Privacy Canada is community-supported. We may earn a commission when make a purchase through one of our links. Learn more.
Password Storage with Hash Functions
Websites store user information in what is called a database. This database stores the usernames, passwords, and other important information so that the next time the user logs in everything is as they left it. However, this poses a security threat. The database has to store the user’s password, so that when they try to log in it can check against the user’s registered password. If the database were somehow compromised (by outside or inside forces – it happens quire frequently) all of the user passwords would be revealed. This is where password hashing comes in.
Instead of storing the passwords in the plaintext form, they are instead put through a one way hash function before being stored in the database, and put through the same function when the user tries to use their password to log in.
Let’s say Bob registers with the password “hunter2”, and the server is using the MD5 hash function to store passwords in it’s database. The MD5 hash of “hunter2”, which is “2ab96390c7dbe3439de74d0c9b0b1767”, is then stored in the database.

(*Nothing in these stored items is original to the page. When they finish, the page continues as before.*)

Lemma integral_cell_kernel_cell (mu nu' : probability X R) :
  nu' `<< mu -> (forall i, mu (hX @^-1` [set i]) = nu (hY @^-1` [set i])) ->
  forall i, (\int[nu']_x cell_kernel x (hY @^-1` [set i]))%E = nu' (hX @^-1` [set i]).
Proof.
move=> /null_content_dominatesP nu'_mu same_cells i.
have cellE j : (cell_cond j (hY @^-1` [set i]) * nu' (hX @^-1` [set j]) =
    (i == j)%:R%:E * nu' (hX @^-1` [set j]))%E.
  have [nu_j|nu_j] := eqVneq (nu (hY @^-1` [set j])) 0%E.
    by rewrite nu'_mu ?mule0 //; exact: etrans (same_cells j) nu_j.
  by rewrite cell_cond_cell.
rewrite (integral_factor mhX nu' (cell_cond ^~ _)); last first.
  by move=> j; exact: fin_num_measure.
under eq_bigr do rewrite cellE.
rewrite (bigD1 i) //= eqxx mul1e big1 ?adde0 // => j /negbTE.
by rewrite eq_sym => ->; rewrite mul0e.
Qed.

End cell_kernel.

Lemma integral_le_same_grid_law d d' (X : measurableType d) (Y : measurableType d')
    (R : realType) (P : probability X R) (Q : probability Y R)
    (f : X -> R) (g : Y -> R) (M eps : R) : 0 < eps ->
  measurable_fun setT f -> (forall x, `|f x| <= M) ->
  measurable_fun setT g -> (forall y, `|g y| <= M) ->
  (forall i, P ((grid_cell M eps \o f) @^-1` [set i]) =
             Q ((grid_cell M eps \o g) @^-1` [set i])) ->
  (\int[P]_x (f x)%:E <= \int[Q]_y (g y)%:E + eps%:E)%E.
Proof.
move=> eps0 mf fM mg gM same_cells.
have mcf := measurable_grid_cell_comp M eps mf.
have mcg := measurable_grid_cell_comp M eps mg.
have [L pL] := grid_point_bounded M eps.
pose low_f x := grid_point M eps (grid_cell M eps (f x)).
pose low_g y := grid_point M eps (grid_cell M eps (g y)).
have mlf : measurable_fun setT low_f := measurable_fun_factor mcf (grid_point M eps).
have mlg : measurable_fun setT low_g := measurable_fun_factor mcg (grid_point M eps).
have same_low : (\int[P]_x (low_f x)%:E = \int[Q]_y (low_g y)%:E)%E.
  rewrite (integral_factor mcf P (fun i => (grid_point M eps i)%:E)) //.
  rewrite (integral_factor mcg Q (fun i => (grid_point M eps i)%:E)) //.
  by apply: eq_bigr => i _; congr (_ * _)%E; exact: same_cells.
apply: (@le_trans _ _ (\int[P]_x (low_f x + eps)%:E)%E).
  apply: le_integral => //.
  - exact: integrable_bounded mf fM.
  - apply: (integrable_bounded (M := L + eps)); first exact: measurable_funD.
    by move=> x; rewrite (le_trans (ler_normD _ _)) // (gtr0_norm eps0) lerD2r pL.
  - by move=> x _; rewrite lee_fin; have /andP[_ /ltW] := grid_point_cell M eps eps0 (fM x).
rewrite (integralD_cst _ mlf (fun x => pL _)) same_low leeD2r //.
apply: le_integral => //.
- exact: integrable_bounded mlg (fun y => pL _).
- exact: integrable_bounded mg gM.
- by move=> y _; rewrite lee_fin; have /andP[] := grid_point_cell M eps eps0 (gM y).
Qed.

Section rho_properties.
Context {R : realType} {alpha : forall E : polish R,
  probability (borel E) R -> probability (borel E) R -> \bar R}.
Hypothesis alpha_ge0 : forall (E : polish R) (mu nu : probability (borel E) R),
  (0 <= alpha E nu mu)%E.
Hypothesis alpha_self : forall (E : polish R) (mu : probability (borel E) R),
  alpha E mu mu = 0%E.
Hypothesis alpha_not_dominated : forall (E : polish R) (mu nu : probability (borel E) R),
  ~ (nu `<< mu) -> alpha E nu mu = +oo%E.
Hypothesis alpha_kernel_le : forall (E F : polish R) (mu nu : probability (borel E) R)
  (K : R.-pker (borel E) ~> (borel F)) (muK nuK : probability (borel F) R),
  (forall B : set (borel F), measurable B -> muK B = (\int[mu]_x K x B)%E) ->
  (forall B : set (borel F), measurable B -> nuK B = (\int[nu]_x K x B)%E) ->
  (alpha F nuK muK <= alpha E nu mu)%E.

Section fixed_reference.
Variables (E : polish R) (mu : probability (borel E) R).

Lemma rho_ge (nu : probability (borel E) R) (f : borel E -> R) :
  (\int[nu]_x (f x)%:E - alpha E nu mu <= rho alpha mu f)%E.
Proof. by apply: ereal_sup_ubound; exists nu. Qed.

Lemma rho_le (f : borel E -> R) (r : \bar R) :
  (forall nu, alpha E nu mu != +oo%E -> \int[nu]_x (f x)%:E - alpha E nu mu <= r)%E ->
  (rho alpha mu f <= r)%E.
Proof.
move=> le_r; apply: ge_ereal_sup => _ [nu _ <-].
have [->|alpha_fin] := eqVneq (alpha E nu mu) +oo%E; first by rewrite addeNy leNye.
exact: le_r.
Qed.

Lemma dominated_of_alpha_finite (nu : probability (borel E) R) :
  alpha E nu mu != +oo%E -> nu `<< mu.
Proof.
move=> alpha_fin; have [//|not_dom] := pselect (nu `<< mu).
by move: alpha_fin; rewrite alpha_not_dominated // eqxx.
Qed.

Lemma rho_fin_num (f : borel E -> R) : bounded_borel f -> rho alpha mu f \is a fin_num.
Proof.
move=> [mf [M fM]]; rewrite fin_numElt; apply/andP; split.
  apply: lt_le_trans (rho_ge mu f); rewrite alpha_self sube0.
  by move: (integral_bounded_fin_num (P:=mu) mf fM); rewrite fin_numElt => /andP[].
apply: le_lt_trans (ltry `|M|); apply: rho_le => nu _.
apply: (@le_trans _ _ (\int[nu]_x (f x)%:E - 0)%E); first exact: leeB.
by rewrite sube0 (le_trans (lee_abs _)) // abse_integral_bounded.
Qed.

Now when Bob tries to log in again, he types “hunter2” into the password field, but when the server goes to compare the two values to see if he typed the same password he registered with, it puts it through the MD5 function again, yeilding the same hash string and letting him log in successfully. If Bob had typed in “hunter1”, the result of the MD5 function would be “726ad07bc398372b56a52e3de8693679”. Note that this is vastly different from the hash of the correct password, even though it is very close. This is due to what is called the avalanche effect, where even small differences in the input will result in vastly different outputs.
The password is now stored in the database, but no one with access to the database could simply log in as Bob – because they don’t actually have his password, just the hash. Hash functions are designed to be (hopefully) very difficult to reverse – the only option being a brute force search to find the original string or a collision that produces the same hash.